Fig. 2 is the recommended flowsheet schematic diagram of present invention commending system based on user.

Fig. 3 is the schematic diagram that the present invention selects neighbor user.

Fig. 4 is the general thoughts schematic diagram of present invention sort algorithm based on threshold value.

Fig. 5 is the design of experiment of the present invention.

Fig. 6 is the sort algorithm result figure on accuracy and multifarious impact, wherein: (a) is to use based on popularity Method, (b) be use average score method, (c) be use absolute pouplarity method, (d) be use the most welcome Degree method, (e) is to use scoring variance method, and (f) is to use scoring inverted order method.

Fig. 7 is relational result figure between loss of accuracy and multiformity.

Fig. 8 is to recommend long-tail article proportion figure in article.

Fig. 9 is that the present invention is for improving the flow chart of the multifarious method of personalized recommendation system.

Detailed description of the invention

In order to make the purpose of the present invention, technical scheme and advantage clearer, below in conjunction with drawings and Examples, right The present invention is further elaborated.Should be appreciated that specific embodiment described herein only in order to explain the present invention, and It is not used in the restriction present invention.If additionally, technical characteristic involved in each embodiment of invention described below The conflict of not constituting each other just can be mutually combined.

The Integral Thought of the present invention is, first obtains user's score data collection, then often uses on score data collection Recommend by proposed algorithm, next recommendation results is carried out threshold value control and sequence, then final result is presented to user. By recommendation results is resequenced, it is possible to change the list content of consequently recommended result such that it is able to improve system many Sample, the method simultaneously using threshold value control when sequence so that recommend article to be liked article by user as far as possible, it is ensured that to push away Recommend the prediction accuracy of system.
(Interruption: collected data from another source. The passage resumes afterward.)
(* Let $\alpha_i,\beta_i,\gamma_i$ ($i=1,2,3$) be real numbers such that $$\operatorname{Rank}\begin{pmatrix}\alpha_1&\beta_1&\gamma_1&0&0&0\\ \alpha_2&\beta_2&\gamma_2&0&0&0\\ 0&0&0&\alpha_3&\beta_3&\gamma_3\end{pmatrix}=3,$$ and let $B_1[u]=\alpha_1u(0)+\beta_1u'(0)+\gamma_1u''(0)$, $B_2[u]=\alpha_2u(0)+\beta_2u'(0)+\gamma_2u''(0)$, $B_3[u]=\alpha_3u(1)+\beta_3u'(1)+\gamma_3u''(1)$. Assume the problem $u'''=\varphi$ on $(0,1)$, $B_1[u]=B_2[u]=B_3[u]=0$ has a Green function $G(t,s)$, and set $G_1=\partial G/\partial t$, $G_2=\partial^2 G/\partial t^2$, $$M_0=\max_{0\le t\le1}\int_0^1|G(t,s)|ds,\quad M_1=\max_{0\le t\le1}\int_0^1|G_1(t,s)|ds,\quad M_2=\max_{0\le t\le1}\int_0^1|G_2(t,s)|ds.$$ For $M>0$ let $\mathcal{D}_M=\{(t,x,y,z): 0\le t\le1,\ |x|\le M_0M,\ |y|\le M_1M,\ |z|\le M_2M\}$. Suppose there exists $M>0$ such that the function $f(t,x,y,z)$ is continuous in $\mathcal{D}_M$ and $|f(t,x,y,z)|\le M$ for all $(t,x,y,z)\in\mathcal{D}_M$. Then the problem $$u'''(t)=f(t,u(t),u'(t),u''(t)),\ 0<t<1,\qquad B_1[u]=B_2[u]=B_3[u]=0$$ has a solution $u$ satisfying $|u(t)|\le M_0M$, $|u'(t)|\le M_1M$, $|u''(t)|\le M_2M$ for all $0\le t\le 1$.
   Context: The Green function $G(t,s)$ of the linear problem $u'''=\varphi$, $B_1[u]=B_2[u]=B_3[u]=0$ is the function on $[0,1]^2$ such that for every $\varphi\in C[0,1]$ the unique solution of this linear problem is $u(t)=\int_0^1G(t,s)\varphi(s)\,ds$; then $u'(t)=\int_0^1G_1(t,s)\varphi(s)ds$, $u''(t)=\int_0^1G_2(t,s)\varphi(s)ds$, where $G_1$ is continuous on $[0,1]^2$ and $G_2$ is continuous on $[0,1]^2$ except on the line $t=s$. *)

From Stdlib Require Import Reals.
From Coquelicot Require Import Coquelicot.
Open Scope R_scope.

(* Rank of the 3x6 matrix
     ( a1 b1 c1 0  0  0  )
     ( a2 b2 c2 0  0  0  )
     ( 0  0  0  a3 b3 c3 )
   equals 3, i.e. its three rows are linearly independent:
   x*row1 + y*row2 + z*row3 = 0 (all six entries) forces x = y = z = 0. *)
Definition rank3_bc (a1 b1 c1 a2 b2 c2 a3 b3 c3 : R) : Prop :=
  forall x y z : R,
    x * a1 + y * a2 + z * 0 = 0 ->
    x * b1 + y * b2 + z * 0 = 0 ->
    x * c1 + y * c2 + z * 0 = 0 ->
    x * 0 + y * 0 + z * a3 = 0 ->
    x * 0 + y * 0 + z * b3 = 0 ->
    x * 0 + y * 0 + z * c3 = 0 ->
    x = 0 /\ y = 0 /\ z = 0.

Definition I01 (t : R) : Prop := 0 <= t <= 1.

Definition cont_on01 (g : R -> R) : Prop :=
  forall t, I01 t -> filterlim g (within I01 (locally t)) (locally (g t)).

Definition Bform (a b c x y z : R) : R := a * x + b * y + c * z.

Definition is_bvp_solution (a1 b1 c1 a2 b2 c2 a3 b3 c3 : R)
  (rhs : R -> R -> R -> R -> R) (u u1 u2 : R -> R) : Prop :=
  cont_on01 u /\ cont_on01 u1 /\ cont_on01 u2 /\
  (forall t, 0 < t < 1 ->
     is_derive u t (u1 t) /\ is_derive u1 t (u2 t) /\
     is_derive u2 t (rhs t (u t) (u1 t) (u2 t))) /\
  Bform a1 b1 c1 (u 0) (u1 0) (u2 0) = 0 /\
  Bform a2 b2 c2 (u 0) (u1 0) (u2 0) = 0 /\
  Bform a3 b3 c3 (u 1) (u1 1) (u2 1) = 0.

Definition Sq01 (p : R * R) : Prop := I01 (fst p) /\ I01 (snd p).
(* Let $n \geq 2$ and let $G$ be a graph that has the maximum atom-bond connectivity index among all graphs with $n$ vertices and edge-connectivity $1$. Then $G \cong K_n(1)$.
   Context: All graphs are simple and undirected. For a graph $G$ and a vertex $v$, $d(v)$ denotes the degree of $v$. The atom-bond connectivity (ABC) index is ${\rm ABC}(G)=\sum_{uv\in E(G)} \sqrt{\frac{d(u)+d(v)-2}{d(u)d(v)}}$. The edge-connectivity of a graph is the minimum number of edges whose removal disconnects it. For graphs $G,H$ on disjoint vertex sets, $G+H$ is their disjoint union, and the join $G\vee H$ is the graph on $V(G)\cup V(H)$ with edge set $E(G)\cup E(H)\cup\{uv: u\in V(G), v\in V(H)\}$. $K_n(k)$ denotes the graph $K_k \vee (K_1 + K_{n-k-1})$, i.e., the graph obtained from $K_{n-1}$ by adding one new vertex joined to exactly $k$ vertices of $K_{n-1}$. *)

From HB Require Import structures.
From mathcomp Require Import all_boot all_order all_fingroup all_algebra.
From mathcomp Require Import reals.
Set Implicit Arguments. Unset Strict Implicit. Unset Printing Implicit Defensive.
Import Order.TTheory GRing.Theory Num.Theory.

Definition simple_graph (n : nat) (e : rel 'I_n) : Prop :=
  symmetric e /\ irreflexive e.

Definition edges (n : nat) (e : rel 'I_n) : {set {set 'I_n}} :=
  [set [set x; y] | x in 'I_n, y in 'I_n & e x y].

Definition del_edges (n : nat) (e : rel 'I_n) (F : {set {set 'I_n}}) : rel 'I_n :=
  fun x y => e x y && ([set x; y] \notin F).

Definition connected (n : nat) (e : rel 'I_n) : Prop :=
  forall x y : 'I_n, connect e x y.

Definition has_edge_cut (n : nat) (e : rel 'I_n) (k : nat) : Prop :=
  exists F : {set {set 'I_n}},
    [/\ F \subset edges e, #|F| = k & ~ connected (del_edges e F)].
Typical personalized recommendation system processes structure as shown in Figure 1.In the entire system, it is assumed that U (user, i.e. user) For participating in the set of all users in personalized recommendation system, I (article, i.e. item) be in system all items (such as book Nationality, film, music etc.) set, the relation of the most each user u ∈ U and article i ∈ I can regard as R (u, i), R (u, i) With the relation between U, I is shown below:

R:U×I→Rating

R is a scoring from practical significance, indicates the user u preference degree to article i.Commending system Comprise two steps: predict and recommend.The first step at commending system i.e. predicts that task is to use known score data to come in advance Survey the user's possible mark to article of not marking.

Comprise the following steps as it is shown in figure 9, the present invention improves the multifarious method of personalized recommendation system:

(1) obtain user's score data collection from website, and this user's score data collection is deposited in the way of text Storage, this is concentrated by score data and includes article ID corresponding to ID, this ID and this user scoring to these article Value；Specifically, it is that the method using web crawlers obtains user's score data collection in the present invention；

(4) take multiple results of front end in ranking results and feed back to user as recommendation list；In the present invention, fetch bit in 5 results of ranking results front end feed back to user as recommendation list.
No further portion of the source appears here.